KÜRT KIZKARDEŞLERİMİZ YALNIZ DEĞİLDİR

Cizre'de bodrum katına sığınan onlarca göstericinin kimyasal silahlar kullanılarak katledildiği belirtilen açıklamada Türk devletinin 4 bin asker ve polisle İdil'e yönelik saldırıları başlattığı da hatırlatılıyor.

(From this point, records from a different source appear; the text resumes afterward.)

(* Conditional expectation given F^k of a random variable Y that depends on the
   draws omega 0, ..., omega k only: since the draws are independent and
   uniform (the draw at time k is uniform on the finite set [draw]), it is the
   average over the draw at time k, the history omega 0..k-1 being fixed. *)
Definition cond_exp_next (k : nat) (Y : (nat -> draw) -> R) (omega : nat -> draw) : R :=
  (#|{: draw}|%:R)^-1 *
  \sum_(d : draw) Y (fun t => if t == k then d else omega t).

End GTSAGA.

From HB Require Import structures.
From mathcomp Require Import all_boot all_order all_algebra.
From mathcomp Require Import all_classical all_reals all_analysis.
From mathcomp Require Import ring lra.
Set Implicit Arguments. Unset Strict Implicit. Unset Printing Implicit Defensive.
Import Order.TTheory GRing.Theory Num.Theory.
Import numFieldNormedType.Exports.
Local Open Scope ring_scope.

(* Lemma 19 of the GT-SAGA analysis: a one-step bound on the conditional
   expectation of the SAGA table error
     t^k = 1/n sum_i 1/m sum_j |xbar^k - z_ij^k|^2.
   Conditioning on F^k amounts to averaging over the two independent uniform
   draws tau^k (sampled gradients) and s^k (refreshed table entries).
   1. W is column stochastic, so gradient tracking keeps sum_i y_i = sum_i g_i
      and the network average moves by xbar^{k+1} = xbar^k - alpha gbar(tau),
      gbar being the average of the n SAGA estimators.
   2. Averaging over s: every table entry is refreshed to x_i^k with
      probability 1/m, which gives an exact formula for E_s t^{k+1}.
   3. Averaging over tau: a bias-variance decomposition of gbar around its
      mean mu = 1/n sum_i grad f_i(x_i^k), with variance V.
   4. Young's inequality, |mu|^2 <= 2 L^2 C + 8 L (F(xbar) - inf F) (Lipschitz
      gradients and the descent lemma), V <= L^2/n (2 C + 2 t^k) (the n
      estimators are independent and centred), where C = |x - Jx|^2 / n, and
      the step-size condition close the estimate by elementary arithmetic. *)

Section InnerProduct.
Variables (R : realType) (p : nat).
Implicit Types (u v w : 'rV[R]_p) (a c : R).

Lemma sqnormE v : sqnorm v = dotv v v.
Proof. by rewrite /sqnorm /dotv; apply: eq_bigr => l _; rewrite expr2. Qed.
Lemma dotvC u v : dotv u v = dotv v u.
Proof. by apply: eq_bigr => l _; rewrite mulrC. Qed.
Lemma dotvDl u v w : dotv (u + v) w = dotv u w + dotv v w.
Proof. by rewrite /dotv -big_split; apply: eq_bigr => l _; rewrite mxE mulrDl. Qed.
Lemma dotvDr u v w : dotv w (u + v) = dotv w u + dotv w v.
Proof. by rewrite dotvC dotvDl !(dotvC w). Qed.
Lemma dotvZl a u v : dotv (a *: u) v = a * dotv u v.
Proof. by rewrite /dotv mulr_sumr; apply: eq_bigr => l _; rewrite mxE mulrA. Qed.
Lemma dotvZr a u v : dotv v (a *: u) = a * dotv v u.
Proof. by rewrite dotvC dotvZl dotvC. Qed.
Lemma dotvNl u v : dotv (- u) v = - dotv u v.
Proof. by rewrite -scaleN1r dotvZl mulN1r. Qed.
Lemma dotvNr u v : dotv v (- u) = - dotv v u.
Proof. by rewrite dotvC dotvNl dotvC. Qed.
Lemma dotvBl u v w : dotv (u - v) w = dotv u w - dotv v w.
Proof. by rewrite dotvDl dotvNl. Qed.
Lemma dotv0l v : dotv 0 v = 0.
Proof. by rewrite /dotv big1 // => l _; rewrite mxE mul0r. Qed.
Lemma dotv_suml (T : finType) (P : pred T) (F : T -> 'rV[R]_p) v :
  dotv (\sum_(t | P t) F t) v = \sum_(t | P t) dotv (F t) v.
Proof.
by apply: (big_morph (fun x => dotv x v)) => [a b|]; [exact: dotvDl | exact: dotv0l].
Qed.
Lemma dotv_sumr (T : finType) (P : pred T) (F : T -> 'rV[R]_p) v :
  dotv v (\sum_(t | P t) F t) = \sum_(t | P t) dotv v (F t).
Proof. by rewrite dotvC dotv_suml; apply: eq_bigr => t _; rewrite dotvC. Qed.

Lemma sqnorm_ge0 v : 0 <= sqnorm v.
Proof. by apply: sumr_ge0 => l _; rewrite sqr_ge0. Qed.
Lemma sqnormD u v : sqnorm (u + v) = sqnorm u + 2 * dotv u v + sqnorm v.
Proof. rewrite !sqnormE dotvDl !dotvDr (dotvC v u); ring. Qed.
Lemma sqnormB u v : sqnorm (u - v) = sqnorm u - 2 * dotv u v + sqnorm v.
Proof. rewrite !sqnormE dotvDl !dotvDr !dotvNl !dotvNr (dotvC v u); ring. Qed.
Lemma sqnormZ a v : sqnorm (a *: v) = a ^+ 2 * sqnorm v.
Proof. rewrite !sqnormE dotvZl dotvZr; ring. Qed.
Lemma sqnormN v : sqnorm (- v) = sqnorm v.
Proof. by rewrite -scaleN1r sqnormZ sqrrN expr1n mul1r. Qed.
Lemma sqnormBC u v : sqnorm (u - v) = sqnorm (v - u).
Proof. by rewrite -sqnormN opprB. Qed.

(* Young's inequality 2 <u, v> <= |u|^2 / c + c |v|^2, from |u - c v|^2 >= 0 *)
Lemma young u v c : 0 < c -> 2 * dotv u v <= c^-1 * sqnorm u + c * sqnorm v.
Proof.
move=> c0; have := sqnorm_ge0 (u - c *: v).
rewrite sqnormB sqnormZ dotvZr => h.
have h2 : 0 <= c^-1 * (sqnorm u - 2 * (c * dotv u v) + c ^+ 2 * sqnorm v).
  by rewrite mulr_ge0 // invr_ge0 ltW.
rewrite -subr_ge0.
have -> : c^-1 * sqnorm u + c * sqnorm v - 2 * dotv u v =
   c^-1 * (sqnorm u - 2 * (c * dotv u v) + c ^+ 2 * sqnorm v).
  by field; rewrite gt_eqF.
exact: h2.
Qed.

Lemma sqnormD_le u v c : 0 < c ->
  sqnorm (u + v) <= (1 + c) * sqnorm u + (1 + c^-1) * sqnorm v.
Proof.
move=> c0; rewrite sqnormD.
have := young u v (c := c^-1); rewrite invr_gt0 invrK => /(_ c0) h.
by rewrite !mulrDl !mul1r; lra.
Qed.
Lemma sqnormB_le u v c : 0 < c ->
  sqnorm (u - v) <= (1 + c) * sqnorm u + (1 + c^-1) * sqnorm v.
Proof. by move=> c0; rewrite -(sqnormN v); apply: sqnormD_le. Qed.

Lemma sqnorm_lipschitz (g : 'rV[R]_p -> 'rV[R]_p) (L : R) :
  (forall x y, enorm (g x - g y) <= L * enorm (x - y)) ->
  forall x y, sqnorm (g x - g y) <= L ^+ 2 * sqnorm (x - y).
Proof.
move=> hg x y; have h := hg x y.
have h2 := ler_pM (sqrtr_ge0 _) (sqrtr_ge0 _) h h.
by rewrite /enorm mulrACA -!expr2 !sqr_sqrtr ?sqnorm_ge0 // in h2.
Qed.

End InnerProduct.

(* Uniform averages over a finite type: expectation under the uniform law. *)
Section Averages.
Variable R : numFieldType.

Definition avg (T : finType) (F : T -> R) : R := #|T|%:R^-1 * \sum_t F t.

Lemma eq_avg (T : finType) (F G : T -> R) : (forall t, F t = G t) -> avg F = avg G.
Proof. by move=> h; congr avg; apply: funext. Qed.
Lemma avgD (T : finType) (F G : T -> R) :
  avg (fun t => F t + G t) = avg F + avg G.
Proof. by rewrite /avg big_split mulrDr. Qed.
Lemma avgB (T : finType) (F G : T -> R) :
  avg (fun t => F t - G t) = avg F - avg G.
Proof. by rewrite /avg sumrB mulrBr. Qed.
Lemma avgZ (T : finType) (F : T -> R) c :
  avg (fun t => c * F t) = c * avg F.
Proof. by rewrite /avg -mulr_sumr mulrCA. Qed.
Lemma avg_const (T : finType) c : (0 < #|T|)%N -> avg (fun _ : T => c) = c.
Proof.
move=> T0; rewrite /avg sumr_const (_ : #|xpredT| = #|T|) //.
by rewrite -[c *+ _]mulr_natl mulrA mulVf ?mul1r // pnatr_eq0 -lt0n.
Qed.
Lemma avg_lin (T : finType) (F : T -> R) a b : (0 < #|T|)%N ->
  avg (fun t => a * F t + b) = a * avg F + b.
Proof. by move=> T0; rewrite avgD avgZ avg_const. Qed.
Lemma avg_le (T : finType) (F G : T -> R) :
  (forall t, F t <= G t) -> avg F <= avg G.
Proof. by move=> h; rewrite /avg ler_wpM2l ?invr_ge0 ?ler0n //; apply: ler_sum. Qed.
Lemma avg_ge0 (T : finType) (F : T -> R) : (forall t, 0 <= F t) -> 0 <= avg F.
Proof. by move=> h; rewrite /avg mulr_ge0 ?invr_ge0 ?ler0n //; apply: sumr_ge0. Qed.
Lemma avg_ord (k : nat) (F : 'I_k -> R) : avg F = k%:R^-1 * \sum_(i < k) F i.
Proof. by rewrite /avg card_ord. Qed.
Lemma avg_sum (T I : finType) (F : I -> T -> R) :
  avg (fun t => \sum_i F i t) = \sum_i avg (F i).
Proof. by rewrite /avg exchange_big /= mulr_sumr. Qed.
Lemma avg_swap (T I : finType) (F : I -> T -> R) :
  avg (fun t => avg (fun i => F i t)) = avg (fun i => avg (F i)).
Proof.
rewrite /avg -[in LHS]mulr_sumr -[in RHS]mulr_sumr exchange_big /=.
by rewrite !mulrA [_ * #|T|%:R^-1]mulrC.
Qed.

Kürt kadınlarının AKP ve faşist Türk devletinin saldırılarına karşı kendilerini ve Kürt Halkını savunmak için YPS'de örgütlenerek kahramanca direndiklerine dikkat çeken “8 Mart Komitesi”,

“Biz '8 Mart Komitesi' olarak, Türk devletinin Cizre, Sur, İdil ve diğer yerleşim birimlerindeki katliamlarını kınıyor ve Kürt kız kardeşlerimizi destekliyoruz. Onlar yalnız değildir. Biz buradayız.

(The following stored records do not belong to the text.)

Definition edge_set (X : {set V}) : {set {set 'I_n}} := [set val v | v in X].

Lemma is_edge_K (e : {set 'I_n}) : is_edge (@K_rel n) e = (e \in K_edges setT).
Proof.
rewrite inE subsetT /=; apply/existsP/cards2P => [[x /existsP[y /andP[xy /eqP ->]]]|[x [y [xy ->]]]].
  by exists x, y.
by exists x; apply/existsP; exists y; rewrite /K_rel xy eqxx.
Qed.

Lemma val_K_edges (v : V) : val v \in K_edges setT.
Proof. by rewrite -is_edge_K (valP v). Qed.

Lemma card_edge_set X : #|edge_set X| = #|X|.
Proof. exact/card_imset/val_inj. Qed.

Lemma edge_set_sub X : edge_set X \subset K_edges setT.
Proof. by apply/subsetP => _ /imsetP[v _ ->]; apply: val_K_edges. Qed.

Lemma edge_set_comp (P : pred V) (Q : pred {set 'I_n}) :
  (forall v, P v = Q (val v)) -> edge_set [set v | P v] = [set e in K_edges setT | Q e].
Proof.
move=> PQ; apply/setP => e; rewrite inE; apply/imsetP/andP => [[v]|[eK Qe]].
  by rewrite inE PQ => Qv ->; rewrite val_K_edges.
by exists (exist _ e (etrans (is_edge_K e) eK)); rewrite // inE PQ.
Qed.

Lemma edge_setK (H : {set {set 'I_n}}) :
  H \subset K_edges setT -> edge_set [set v | val v \in H] = H.
Proof.
move=> HK; rewrite (@edge_set_comp _ (mem H)) //.
by apply/setP => e; rewrite inE andb_idl // => /(subsetP HK).
Qed.

Lemma edge_setT : edge_set [set: V] = K_edges setT.
Proof.
apply/setP => e; apply/imsetP/idP => [[v _ ->]|eK]; first exact: val_K_edges.
by exists (exist _ e (etrans (is_edge_K e) eK)); rewrite ?inE.
Qed.

Lemma card_line_rel_nbrs (X : {set V}) (v : V) :
  #|[set u | adj v u & u \in X]| = #|[set f in edge_set X | line_adj (val v) f]|.
Proof.
rewrite -(card_imset _ val_inj); apply: eq_card => f; apply/imsetP/idP => [[u]|].
  by rewrite !inE => /andP[vu uX] ->; rewrite imset_f.
by rewrite inE => /andP[/imsetP[u uX ->] vu]; exists u; rewrite // inE uX andbT.
Qed.

Lemma edge_set_step r X : edge_set (bp_step adj r X) = lineK_step setT r (edge_set X).
Proof.
rewrite /bp_step /edge_set imsetU; congr (_ :|: _).
by apply: edge_set_comp => v; rewrite card_line_rel_nbrs.
Qed.

Lemma edge_set_iter r X k : edge_set (bp_iter adj r X k) = lineK_iter setT r (edge_set X) k.
Proof. by elim: k => [//|k IHk]; rewrite /= edge_set_step IHk. Qed.

Lemma percolating_edge_set r X : percolating adj r X <-> lineK_percolating setT r (edge_set X).
Proof.
split=> [percX e eK|percX v].
  have [k vk] := percX (exist _ e (etrans (is_edge_K e) eK)).
  by exists k; rewrite -edge_set_iter; exact: (imset_f val vk).
have [k] := percX (val v) (val_K_edges v).
by rewrite -edge_set_iter => /imsetP[u uk /val_inj ->]; exists k.
Qed.

End LineGraphOfK.

Theorem theorem5p4 (n r : nat) (hn : 0 < n) (hr : 0 < r) :
  min_percolating_size (@line_rel _ (@K_rel n)) r
    (if (r.+1 %/ 2).+2 <= n then (r + 2) ^ 2 %/ 8 else 'C(n, 2)).
Proof.
have cT : #|[set: 'I_n]| = n by rewrite cardsT card_ord.
change (min_percolating_size (@line_rel _ (@K_rel n)) r (mLK r n)).
split; last first.
  move=> X /percolating_edge_set percX; rewrite -card_edge_set -[n in mLK r n]cT.
  exact: lineK_percolating_card (edge_set_sub X) percX.
have [large|small] := boolP ((r.+1 %/ 2).+2 <= n).
  exists [set v | val v \in seed n r].
  rewrite percolating_edge_set -card_edge_set edge_setK ?seed_sub //.
  split; first exact: seed_percolating.
  apply/eqP; rewrite eqn_leq {1}/mLK large card_seed //=.
  by rewrite -{1}cT; exact: lineK_percolating_card (seed_sub large) (seed_percolating large).
exists setT; split; first by move=> v; exists 0; rewrite /bp_iter /= inE.
by rewrite -card_edge_set edge_setT cards_draws cT /mLK (negbTE small).
Qed.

Biz '8 Mart Komitesi' olarak, tüm barış örgütlerine ve insanlara Türk devletinin Kürt kız kardeşlerimize ve Kürt Halkına yönelik saldırılarının durdurulması için harekete geçmelerini öneriyoruz” diyor.

Tencere ve tavaların çalındığı eylemde Türk devleti ve AKP Hükümeti'ni protesto eden ve özyönetim direnişçilerini selamlayan sloganlar atıldı.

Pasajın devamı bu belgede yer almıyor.